Emerging Writers:  The Secret, by Angela Rieck

Emerging Writers: The Secret, by Angela Rieck

The Secret

A Life Vignette.

I knew a secret…that I quickly told my sisters.  I had discovered that my grandfather had money.  My parents hid it well, their children received few Christmas gifts and occasionally Christmas gifts that were refurbished hand-me-downs from an older sibling.  Many of our clothes were handmade and my mother knitted all of our woolens.  Summers brought early morning weeding on the farm, rising at 5 a.m., grabbing a breakfast and a machete, walking down the rows of corn, cutting down weeds.  By noon, the work was over and my mother piled all six kids into a tiny sedan and took us to the country club.  A country club in a rural area is nothing like a suburban country club, but it was a country club complete with a golf course, tennis and pool.  My paternal grandparents lived in a grand home with more bedrooms that I can remember and oriental carpets that created a soft padding for the expensive antique furniture that filled each room.  So mine was a quixotic childhood where I became comfortable with both wealth and poverty.

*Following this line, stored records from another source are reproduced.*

(* Let $\nu>2$ and let $F_\nu$ be the CDF of the Student's $t$-distribution with $\nu$ degrees of freedom, location $0$ and scale $1$. For every $t>0$, $$\frac{1}{1-F_\nu(t)}\le\frac{(t^2+\nu)^{\nu/2}}{\kappa},\qquad \kappa=\frac{\Gamma\left(\frac{\nu+1}{2}\right)(\nu-1)}{2\sqrt{\pi}\,\Gamma\left(\frac{\nu}{2}\right)}.$$ *)

From Stdlib Require Import Reals.
From Coquelicot Require Import Coquelicot.
Open Scope R_scope.

Definition Gamma (s : R) : R :=
  RInt_gen (fun x => Rpower x (s - 1) * exp (- x))
           (at_right 0) (Rbar_locally p_infty).

Definition student_t_pdf (nu x : R) : R :=
  Gamma ((nu + 1) / 2) / (sqrt (nu * PI) * Gamma (nu / 2))
  * Rpower (1 + x ^ 2 / nu) (- ((nu + 1) / 2)).

Definition student_t_cdf (nu t : R) : R :=
  RInt_gen (student_t_pdf nu) (Rbar_locally m_infty) (at_point t).

From Stdlib Require Import Reals Lra Classical.
From Coquelicot Require Import Coquelicot.
Open Scope R_scope.

(* Write the density as [c * k x] with [k x = (1 + x^2/nu) ^ (-(nu+1)/2)] and
   [c = Gamma ((nu+1)/2) / (sqrt (nu PI) Gamma (nu/2))].
   - The mass of [c * k] on any interval is at most 1: with [s = (nu+1)/2],
     [Gamma s * k x = int_0^oo y^(s-1) exp (-(1 + x^2/nu) y) dy]; after exchanging the two
     integrals the inner x-integral is Gaussian, at most [sqrt (nu PI / y)], which leaves
     [sqrt (nu PI) Gamma (nu/2)].  Hence [F t + int_t^M c k <= 1].
   - For [x >= 0], [k x >= k x * x / sqrt (x^2 + nu)], the derivative of
     [- nu^((nu-1)/2) (x^2 + nu)^(-nu/2)]; letting [M -> oo] gives
     [1 - F t >= c nu^((nu-1)/2) (t^2 + nu)^(-nu/2)].
   - Finally [kappa <= c nu^((nu-1)/2)] reduces to [(nu-1)/2 <= nu^(nu/2-1)].
   [Gamma] and [F] are [RInt_gen] values, which are junk unless the improper integrals converge;
   in both cases convergence comes from monotone bounded partial integrals. *)

(** * Integrals of continuous functions *)

Lemma ball_R_iff (x e y : R) : ball x e y <-> x - e < y < x + e.
Proof.
split; intros H; [apply Rabs_def2 in H | apply Rabs_def1];
  unfold minus, plus, opp in *; simpl in *; lra.
Qed.

Lemma continuous_of_ex_derive (f : R -> R) x : ex_derive f x -> continuous f x.
Proof. exact (ex_derive_continuous f x). Qed.

Lemma ex_RInt_cont (f : R -> R) a b : (forall x, continuous f x) -> ex_RInt f a b.
Proof. intros Hf; apply (ex_RInt_continuous (V := R_CompleteNormedModule)); intros; apply Hf. Qed.

Lemma RInt_mult_l (f : R -> R) k a b : (forall x, continuous f x) ->
  RInt (fun x => k * f x) a b = k * RInt f a b.
Proof.
intros Hf; exact (RInt_scal (V := R_CompleteNormedModule) f a b k (ex_RInt_cont f a b Hf)).
Qed.

Lemma RInt_Chasles_cont (f : R -> R) a b c : (forall x, continuous f x) ->
  RInt f a b + RInt f b c = RInt f a c.
Proof. intros Hf; apply (RInt_Chasles (V := R_CompleteNormedModule)); now apply ex_RInt_cont. Qed.

Lemma RInt_le_cont (f g : R -> R) a b : a <= b ->
  (forall x, continuous f x) -> (forall x, continuous g x) ->
  (forall x, a <= x <= b -> f x <= g x) -> RInt f a b <= RInt g a b.
Proof.
intros Hab Hf Hg Hfg; apply RInt_le; try apply ex_RInt_cont; auto.
intros x Hx; apply Hfg; lra.
Qed.

Lemma RInt_ge0_cont (f : R -> R) a b : a <= b -> (forall x, continuous f x) ->
  (forall x, a <= x <= b -> 0 <= f x) -> 0 <= RInt f a b.
Proof.
intros Hab Hf Hf0; apply RInt_ge_0; [exact Hab | now apply ex_RInt_cont |].
intros x Hx; apply Hf0; lra.
Qed.

Lemma RInt_subinterval_le (f : R -> R) a a' b' b : a <= a' -> a' <= b' -> b' <= b ->
  (forall x, continuous f x) -> (forall x, a <= x <= b -> 0 <= f x) ->
  RInt f a' b' <= RInt f a b.
Proof.
intros Ha Hab Hb Hf Hf0.
rewrite <- (RInt_Chasles_cont f a a' b), <- (RInt_Chasles_cont f a' b' b) by exact Hf.
assert (0 <= RInt f a a') by (apply RInt_ge0_cont; auto; intros; apply Hf0; lra).
assert (0 <= RInt f b' b) by (apply RInt_ge0_cont; auto; intros; apply Hf0; lra).
lra.
Qed.

Lemma RInt_incr_cont (f : R -> R) c a b : a <= b -> (forall x, continuous f x) ->
  (forall x, 0 <= f x) -> RInt f c a <= RInt f c b.
Proof.
intros Hab Hf Hf0; rewrite <- (RInt_Chasles_cont f c a b) by exact Hf.
assert (0 <= RInt f a b) by (apply RInt_ge0_cont; auto). lra.
Qed.

Lemma RInt_scale (f : R -> R) k a b : (forall x, continuous f x) ->
  RInt (fun y => k * f (k * y)) a b = RInt f (k * a) (k * b).
Proof.
intros Hf; rewrite <- (Rplus_0_r (k * a)), <- (Rplus_0_r (k * b)).
rewrite <- (RInt_comp_lin (V := R_CompleteNormedModule)) by apply ex_RInt_cont, Hf.
apply RInt_ext; intros y _; now rewrite Rplus_0_r.
Qed.

Lemma is_derive_RInt_cont (f : R -> R) c x : (forall x, continuous f x) ->
  is_derive (fun y => RInt f c y) x (f x).
Proof.
intros Hf; apply is_derive_RInt with c; [| apply Hf].
apply filter_forall; intros y; apply RInt_correct, ex_RInt_cont, Hf.
Qed.

Lemma is_derive_0_const (f : R -> R) a b : (forall x, is_derive f x 0) -> f a = f b.
Proof.
intros Hf; destruct (Rtotal_order a b) as [Hab | [-> | Hab]]; [| reflexivity |].
- apply eq_is_derive; [intros; apply Hf | exact Hab].
- symmetry; apply eq_is_derive; [intros; apply Hf | exact Hab].
Qed.

Lemma filterlim_incr_bounded (f : R -> R) M :
  (forall x y, x <= y -> f x <= f y) -> (forall x, f x <= M) ->
  exists l, filterlim f (Rbar_locally p_infty) (locally l).
Proof.
intros Hincr HM.
destruct (completeness (fun r => exists x, r = f x)) as [l [Hub Hlub]].
- exists M; intros r [x ->]; apply HM.
- exists (f 0), 0; reflexivity.
- exists l; apply filterlim_locally; intros eps.
  destruct (classic (exists x, l - eps < f x)) as [[x0 Hx0] | Hnone].
  + exists x0; intros x Hx; apply ball_R_iff.
    specialize (Hincr x0 x (Rlt_le _ _ Hx)); assert (f x <= l) by (apply Hub; now exists x).
    lra.
  + assert (l <= l - eps); [| pose proof (cond_pos eps); lra].
    apply Hlub; intros r [x ->]; apply Rnot_lt_le; intros Hx; apply Hnone; now exists x.
Qed.

Lemma filterlim_incr_bounded_m_infty (f : R -> R) m :
  (forall x y, x <= y -> f x <= f y) -> (forall x, m <= f x) ->
  exists l, filterlim f (Rbar_locally m_infty) (locally l).
Proof.
intros Hincr Hm.
destruct (filterlim_incr_bounded (fun x => - f (- x)) (- m)) as [l Hl].
- intros x y Hxy; specialize (Hincr (- y) (- x)); lra.
- intros x; specialize (Hm (- x)); lra.
- exists (- l).
  apply (filterlim_ext (fun x => - (- f (- - x)))); [intros x; now rewrite !Ropp_involutive |].
  apply (filterlim_comp _ _ _ Ropp (fun y => - (- f (- y))) _ (Rbar_locally p_infty)).
  + apply (filterlim_Rbar_opp m_infty).
  + apply (filterlim_comp _ _ _ (fun y => - f (- y)) Ropp _ (locally l)); [exact Hl |].
    apply (filterlim_opp l).
Qed.

Lemma is_RInt_gen_primitive (f : R -> R) c Fa Fb {FFa : Filter Fa} {FFb : Filter Fb} la lb :
  (forall x, continuous f x) ->
  filterlim (fun x => RInt f c x) Fa (locally la) ->
  filterlim (fun x => RInt f c x) Fb (locally lb) ->
  is_RInt_gen f Fa Fb (lb - la).
Proof.
intros Hf Ha Hb.
assert (HD : forall x, Derive (fun y => RInt f c y) x = f x)
  by (intros x; apply is_derive_unique, is_derive_RInt_cont, Hf).
apply (is_RInt_gen_ext (Derive (fun y => RInt f c y))).
- apply filter_forall; intros ab x _; apply HD.
- apply is_RInt_gen_Derive; auto; apply filter_forall; intros ab x _.
  + eexists; apply is_derive_RInt_cont, Hf.
  + apply (continuous_ext f); [intros; now rewrite HD | apply Hf].
Qed.

(** * Integrals depending on a parameter *)

Lemma continuity_2d_pt_swap (h : R -> R -> R) x y :
  continuity_2d_pt h x y -> continuity_2d_pt (fun u v => h v u) y x.
Proof. intros Hh eps; destruct (Hh eps) as [d Hd]; exists d; intros u v Hu Hv; now apply Hd. Qed.

Lemma continuity_2d_pt_continuous_snd (h : R -> R -> R) x y :
  continuity_2d_pt h x y -> continuous (fun v => h x v) y.
Proof.
intros Hh; apply filterlim_locally; intros eps; destruct (Hh eps) as [d Hd].
exists d; intros v Hv; apply Hd; [rewrite Rminus_eq_0, Rabs_R0; apply cond_pos | exact Hv].
Qed.

Lemma continuity_2d_pt_of_snd (f : R -> R) x y :
  continuous f y -> continuity_2d_pt (fun _ v => f v) x y.
Proof.
intros Hf eps; destruct (proj1 (filterlim_locally f (f y)) Hf eps) as [d Hd].
exists d; intros u v _ Hv; exact (Hd v Hv).
Qed.

Lemma continuity_2d_pt_of_fst (f : R -> R) x y :
  continuous f x -> continuity_2d_pt (fun u _ => f u) x y.
Proof. intros Hf; exact (continuity_2d_pt_swap _ y x (continuity_2d_pt_of_snd f y x Hf)). Qed.

Lemma continuity_2d_pt_mult_sep (f g : R -> R) x y : continuous f x -> continuous g y ->
  continuity_2d_pt (fun u v => f u * g v) x y.
Proof.
intros Hf Hg; apply continuity_2d_pt_mult;
  [apply continuity_2d_pt_of_fst | apply continuity_2d_pt_of_snd]; assumption.
Qed.

Section ParametricIntegral.

Variable h : R -> R -> R.
Hypothesis h_cont : forall x y, continuity_2d_pt h x y.

Let h_cont_snd x y : continuous (fun v => h x v) y.
Proof. apply continuity_2d_pt_continuous_snd, h_cont. Qed.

My grandfather had been raised to be a farmer, but he realized that was not his calling.  When the depression hit, he saw his opportunity.  As the story goes, a local farmer had gone bankrupt and the chicken supplier had 50,000 chicks that would have to be destroyed because there were no chicken houses to raise them.  My grandfather had chicken houses, but no money to buy the chicks.  So the supplier and my grandfather made a deal.  He would raise the chickens for slaughter and they would split the profits.  When the time came, his were the only chickens available, making it very profitable for both partners. But rather than put it in a bank or buy his children new clothes, he invested all of it in the futures market.  When FDR was elected he was rewarded by quadrupling his money in 3 months.  Then he invested in the stock market and bought land, lots and lots of land.  So by his forties he had amassed enough money and retired.

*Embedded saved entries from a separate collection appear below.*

Lemma sum_hw_lam_tail_term_le j M : sum_f_R0 (fun n => hw_lam n * tail_term n j) M <= K_tail * sq ^ j.
Proof.
  destruct sq_spec as [H1 [H2 [H3 H4]]].
  replace (sum_f_R0 (fun n => hw_lam n * tail_term n j) M) with (q ^ j *
    (sum_f_R0 (fun n => hw_lam n * Rabs (y n (S j))) M + sum_f_R0 (fun n => hw_lam n * Rabs (y n j)) M))
    by (rewrite <- plus_sum, <- sum_f_R0_scal_l; apply sum_eq; intros; unfold tail_term; ring).
  pose proof (sum_hw_lam_y_le (S j) M). pose proof (sum_hw_lam_y_le j M). pose proof (qpow_gt0 j).
  apply (Rle_trans _ (q ^ j * (K_amgm / sqrt (w (S j)) + K_amgm / sqrt (w j))));
    [apply Rmult_le_compat_l; lra|].
  replace (q ^ j * (K_amgm / sqrt (w (S j)) + K_amgm / sqrt (w j)))
    with (K_amgm / q * (q ^ S j / sqrt (w (S j))) + K_amgm * (q ^ j / sqrt (w j)))
    by (pose proof (sqrt_lt_R0 _ (w_gt0 j)); pose proof (sqrt_lt_R0 _ (w_gt0 (S j)));
        simpl; field; neq_nra).
  rewrite !qpow_div_sqrt_w. unfold K_tail. pose proof (sqrt_lt_R0 (1 - q) ltac:(lra)).
  replace (K_amgm / q) with (K_amgm / (sq * sq)) by (rewrite H3; reflexivity).
  right. simpl. field. neq_nra.
Qed.

Lemma sum_hw_lam_tail_sum_le J M :
  sum_f_R0 (fun n => hw_lam n * tail_sum J n) M <= K_tail * sq ^ J / (1 - sq).
Proof.
  destruct sq_spec as [H1 [H2 _]].
  destruct (Series_sum_f_R0 (fun n i => hw_lam n * tail_term n (i + J)) M) as [Hex HS].
  { intros n. apply (ex_series_scal_l (hw_lam n) (fun i => tail_term n (i + J))), ex_series_tail_term. }
  rewrite (sum_eq _ (fun n => Series (fun i => hw_lam n * tail_term n (i + J))))
    by (intros; unfold tail_sum; rewrite Series_scal_l; reflexivity).
  rewrite <- HS.
  apply (Rle_trans _ (Series (fun i => K_tail * sq ^ J * sq ^ i))).
  - apply Series_le.
    + intros i. split.
      * apply cond_pos_sum. intros [|n]; [simpl; lra|]. apply Rmult_le_pos; [|apply tail_term_ge0].
        destruct (hw_lam_bounds (S n) ltac:(lia)) as [Hl _].
        apply Rlt_le, Rdiv_lt_0_compat; [apply hw_gt0|auto].
      * eapply Rle_trans; [apply sum_hw_lam_tail_term_le|]. rewrite pow_add. right; ring.
    + apply (ex_series_scal_l (K_tail * sq ^ J) (fun i => sq ^ i)), ex_series_geom.
      rewrite Rabs_right; lra.
  - rewrite Series_scal_l, Series_geom by (rewrite Rabs_right; lra). right. field. lra.
Qed.

Section PointMass.
Variable m : nat.

(* Orthogonality gives h(m) sum_j w_j y_m(j) y_n(j) = delta_m(n); subtracting the term of R_0 = 1
   makes the coefficients O(q^j), which the tail estimates need. *)
Definition phi (j : nat) : R := hw q m * (y m j - 1).
Definition C_phi : R := hw q m * Pleg_lip m.

Lemma C_phi_ge0 : 0 <= C_phi.
Proof. apply Rmult_le_pos; [left; apply hw_gt0|apply Pleg_lip_ge0]. Qed.

Lemma phi_bound j : Rabs (phi j) <= C_phi * q ^ j.
Proof.
  unfold phi, C_phi. pose proof (hw_gt0 m). rewrite Rabs_mult, Rabs_right, Rmult_assoc by lra.
  apply Rmult_le_compat_l; [lra|apply y_at0].
Qed.

Lemma phi_diff j : Rabs (phi (S j) - phi j) <= C_phi * q ^ j.
Proof.
  unfold phi, C_phi. pose proof (hw_gt0 m).
  replace (hw q m * (y m (S j) - 1) - hw q m * (y m j - 1)) with (hw q m * (y m (S j) - y m j)) by ring.
  rewrite Rabs_mult, Rabs_right, Rmult_assoc by lra. apply Rmult_le_compat_l; [lra|apply y_diff].
Qed.

Definition approx_sum (n J : nat) : R := sum_f_R0 (fun j => w j * phi j * y n j) J.

Lemma ex_series_w_phi_y n : ex_series (fun j => w j * phi j * y n j).
Proof.
  eapply ex_series_ext;
    [|apply (ex_series_lin2 (hw q m) (- hw q m) _ _ (ex_series_wyy m n) (ex_series_wyy 0 n))].
  intros j. simpl. unfold phi. rewrite y0. ring.
Qed.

But my parents also had a secret…that the money would not be ours.  While my grandfather was amassing his wealth he was also producing a large number of children.  Nine in all; and no matter how great a fortune, when it gets broken up 9 ways, it gets a lot smaller.  As a German, he believed that inherited wealth made the progeny lazy.  So he promised all of his children a farm for their livelihood and he gave his 30 grandchildren enough stocks to afford state-college tuition and pronounced that he would spend and give the rest away. 

Since we would not be receiving money, we were wisely raised as though they did not have it.  But I did have that college tuition, my ticket out. So my 18th birthday finally came, and I left the summer before college started; to get away, never to return.  My sisters and brothers followed.